The objective of this study is to verify whether the outcomes of pap-tests and further colposcopies differ according to HPV vaccinal status among women that attended the regional cervical cancer screening program from 2018 to 2022, were born between 1993 and 1997, and lived in the 530000-inhabitant area of the Azienda Sanitaria Universitaria Friuli Centrale (ASUFC), in the FVG Region.
This case-control study used the Regional Epidemiological Repository (RER) of the FVG region as the source of information. The RER, which has 100% population coverage, includes several health administrative databases, generated from different health application software and was normalized before being copied into the repository. In this study, we analyzed the following data: the list of potential healthcare beneficiaries, residencies, vaccinations, and cervical cancer screening data, which referred to the ASUFC population.
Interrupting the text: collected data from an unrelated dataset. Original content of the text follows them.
Lemma horner_diff_op (R : realType) (p : nat -> {poly R}) f x :
  (diff_op p f).[x] = \sum_(i < size f) diff_op_weight p x i * (f \Po ('X + x%:P))`_i.
Proof.
rewrite /diff_op horner_sum; apply: eq_bigr => i _.
by rewrite hornerM horner_derivn_comp_XaddC /diff_op_weight (mulrC _ i`!%:R) mulrA.
Qed.

Theorem proposition4p2 (R : realType) (r : nat -> nat) (hr : forall i, (0 < r i)%N) :
  exists (c : nat -> R) (k : nat -> nat),
    (forall i, 0 < c i) /\ (forall i, (0 < k i)%N) /\
    forall p : nat -> {poly R},
      (forall i, p (2 * i)%N = (c i)%:P + 'X^(2 * k i * r i)) ->
      (forall i, p (2 * i + 1)%N = 0) ->
      positivity_preserver (diff_op p).
Proof.
exists (ppc R r), (ppk r); split; first by move=> i; apply: lt_le_trans (ppc_ge1 R r i).
split; first exact: ppk_gt0.
move=> p p_even p_odd f f_ge0 x; have [hs f_sos] := nonneg_poly_sos f_ge0.
pose Y := 'X + x%:P : {poly R}.
have size_Y : size Y = 2%N by rewrite size_XaddC.
pose N := (size f + \sum_(h <- hs) 2 * size h)%N.
have fN : (size (f \Po Y) <= size f <= N)%N by rewrite size_comp_poly2 // leqnn leq_addr.
rewrite horner_diff_op -/Y -(sum_coef_widen _ fN).
have -> : f \Po Y = \sum_(g <- [seq h \Po Y | h <- hs]) g ^+ 2.
  by rewrite f_sos rmorph_sum big_map; apply: eq_bigr => h _; rewrite rmorphXn.
apply: sum_coef_sos_ge0.
- exact: weight_even_ge0.
- exact: weight_cross.
move=> _ /mapP[h h_in ->]; rewrite size_comp_poly2 // /N (big_rem h h_in) /=.
by rewrite addnCA leq_addr.
Qed.
(* For every PTM $M$, the probabilistic function $PTC_M:\mathbb{N}\times\mathbb{N}\to\mathcal D(\mathbb{N})$ defined by $PTC_M(x,y)(0)=PT^0_M(x,y)$, $PTC_M(x,y)(1)=PT^1_M(x,y)$ and $PTC_M(x,y)(z)=0$ for $z\ge2$ belongs to $\mathscr{PR}$.
   Context: PTM: Turing machine with two transition functions $\delta_0,\delta_1$ (each applied with probability $1/2$) defined on non-final configurations; initial configuration on input string $w=a\cdot v$ is $\langle\varepsilon,a,v,q_s\rangle$; final configurations are $\langle s,a,\varepsilon,q\rangle$ with $q$ final. $n\mapsto\overline n$ is the length-lexicographic bijection $\mathbb{N}\to\{0,1\}^*$ ($\overline0=\varepsilon,\overline1=0,\overline2=1,\overline3=00,\dots$). Computation tree $CT_M(x)$: nodes are binary strings, root $\varepsilon$ labelled by the initial configuration on $\overline x$, a node $b$ labelled by a non-final $C$ has children $b0,b1$ labelled $\delta_0(C),\delta_1(C)$, nodes labelled by final configurations have no children; $y\in\mathbb{N}$ denotes node $\overline y$, a leaf if it is in the tree with final label. $PT_M(x,y)=2^{-|\overline y|}$. Recursively in $y$: if $y$ is not a leaf of $CT_M(x)$, $PT^1_M(x,y)=1$, $PT^0_M(x,y)=0$; otherwise $PT^0_M(x,y)=PT_M(x,y)/\prod_{k<y}PT^1_M(x,k)$ and $PT^1_M(x,y)=1-PT^0_M(x,y)$. $\mathcal D(X)$: functions $X\to[0,1]$ with sum $\le1$; PF: function $\mathbb{N}^k\to\mathcal D(\mathbb{N})$. Basic PFs: $z(n)(0)=1$; $s(n)(n+1)=1$; $\Pi^n_m(k_1,\dots,k_n)(k_m)=1$; $r(x)(x)=r(x)(x+1)=1/2$ (other values $0$). Generalized composition $(f\odot(g_1,\dots,g_n))(\vec x)(y)=\sum_{z_1,\dots,z_n} f(z_1,\dots,z_n)(y)\prod_i g_i(\vec x)(z_i)$; primitive recursion $h(\vec x,0)=f(\vec x)$, $h(\vec x,y+1)(w)=\sum_z h(\vec x,y)(z)\, g(\vec x,y,z)(w)$; minimization $\mu f(\vec x)(y)=f(\vec x,y)(0)\prod_{z<y}\sum_{k>0}f(\vec x,z)(k)$. $\mathscr{PR}$ is the smallest class of PFs containing the basic PFs and closed under these operations. *)

From Stdlib Require Import Reals List PArith.
Import ListNotations.
Open Scope R_scope.

(* Length-lexicographic bijection  n |-> nbar n : nat -> {0,1}^*       *)
(* nbar n = binary expansion of n+1 with its leading 1 removed;        *)
(* false = bit 0, true = bit 1.  nbar 0 = [], nbar 1 = [0], nbar 2 = [1],*)
(* nbar 3 = [0;0], ...                                                 *)
Fixpoint pos_bits (p : positive) : list bool :=
  match p with
  | xH => []
  | xO p' => pos_bits p' ++ [false]
  | xI p' => pos_bits p' ++ [true]
  end.

Definition nbar (n : nat) : list bool := pos_bits (Pos.of_succ_nat n).

Inductive Dir := DLeft | DStay | DRight.

Record PTM := mkPTM {
  Q : Type;
  Gam : Type;
  Q_finite : exists l : list Q, forall q, In q l;
  Gam_finite : exists l : list Gam, forall a, In a l;
  blank : Gam;
  sym0 : Gam;
  sym1 : Gam;
  sym01 : sym0 <> sym1;
  sym0b : sym0 <> blank;
  sym1b : sym1 <> blank;
  qstart : Q;
  qfinal : Q -> bool;
  delta : bool -> Q -> Gam -> Q * Gam * Dir   (* delta false = delta_0, delta true = delta_1 *)
}.

(* Configuration <s, a, v, q>: the tape reads s . a . v with the head on a.
   The left part s is stored REVERSED (head of the list = cell just left of the head). *)
Record config (Qt Gt : Type) := mkConf {
  cleft : list Gt; ccur : Gt; cright : list Gt; cstate : Qt }.
Arguments mkConf {Qt Gt}.
Arguments cleft {Qt Gt}.
Arguments ccur {Qt Gt}.
Arguments cright {Qt Gt}.
Arguments cstate {Qt Gt}.

Definition Conf (M : PTM) := config (Q M) (Gam M).

Definition step (M : PTM) (i : bool) (C : Conf M) : Conf M :=
  match delta M i (cstate C) (ccur C) with
  | (q', a', d) =>
    match d with
    | DStay => mkConf (cleft C) a' (cright C) q'
    | DLeft =>
        match cleft C with
        | [] => mkConf [] (blank M) (a' :: cright C) q'
        | c :: s' => mkConf s' c (a' :: cright C) q'
        end
    | DRight =>
        match cright C with
        | [] => mkConf (a' :: cleft C) (blank M) [] q'
        | c :: v' => mkConf (a' :: cleft C) c v' q'
        end
    end
  end.

Definition is_final (M : PTM) (C : Conf M) : bool :=
  match cright C with
  | [] => qfinal M (cstate C)
  | _ :: _ => false
  end.

Definition init (M : PTM) (x : nat) : Conf M :=
  match map (fun b : bool => if b then sym1 M else sym0 M) (nbar x) with
  | [] => mkConf [] (blank M) [] (qstart M)
  | a :: v => mkConf [] a v (qstart M)
  end.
The list of healthcare beneficiaries and residencies includes the date of birth, sex, the starting and final dates residencies, and the corresponding towns for all the healthcare beneficiaries of the region since 1978. The vaccination database contains the type, commercial name, dose, date, and place of administration for all vaccinations administered in FVG since 1995. The cervical cancer screening includes information on the invitation dates for the pap-tests and HPV DNA tests within the regional screening program, the participation dates in the proposed tests, and the outcomes of the conducted tests since 1998. All databases include millions of records. They are all anonymous because they do not contain any personal identifier; however, they can be deterministically linked (i.e., on the basis of an exact correspondence of a linkage key) at the individual level through a stochastic (i.e., casual), periodically modified key which, at a given time, is univocal for each person across all databases. For the researchers, there is no way to discover the identity of the subjects.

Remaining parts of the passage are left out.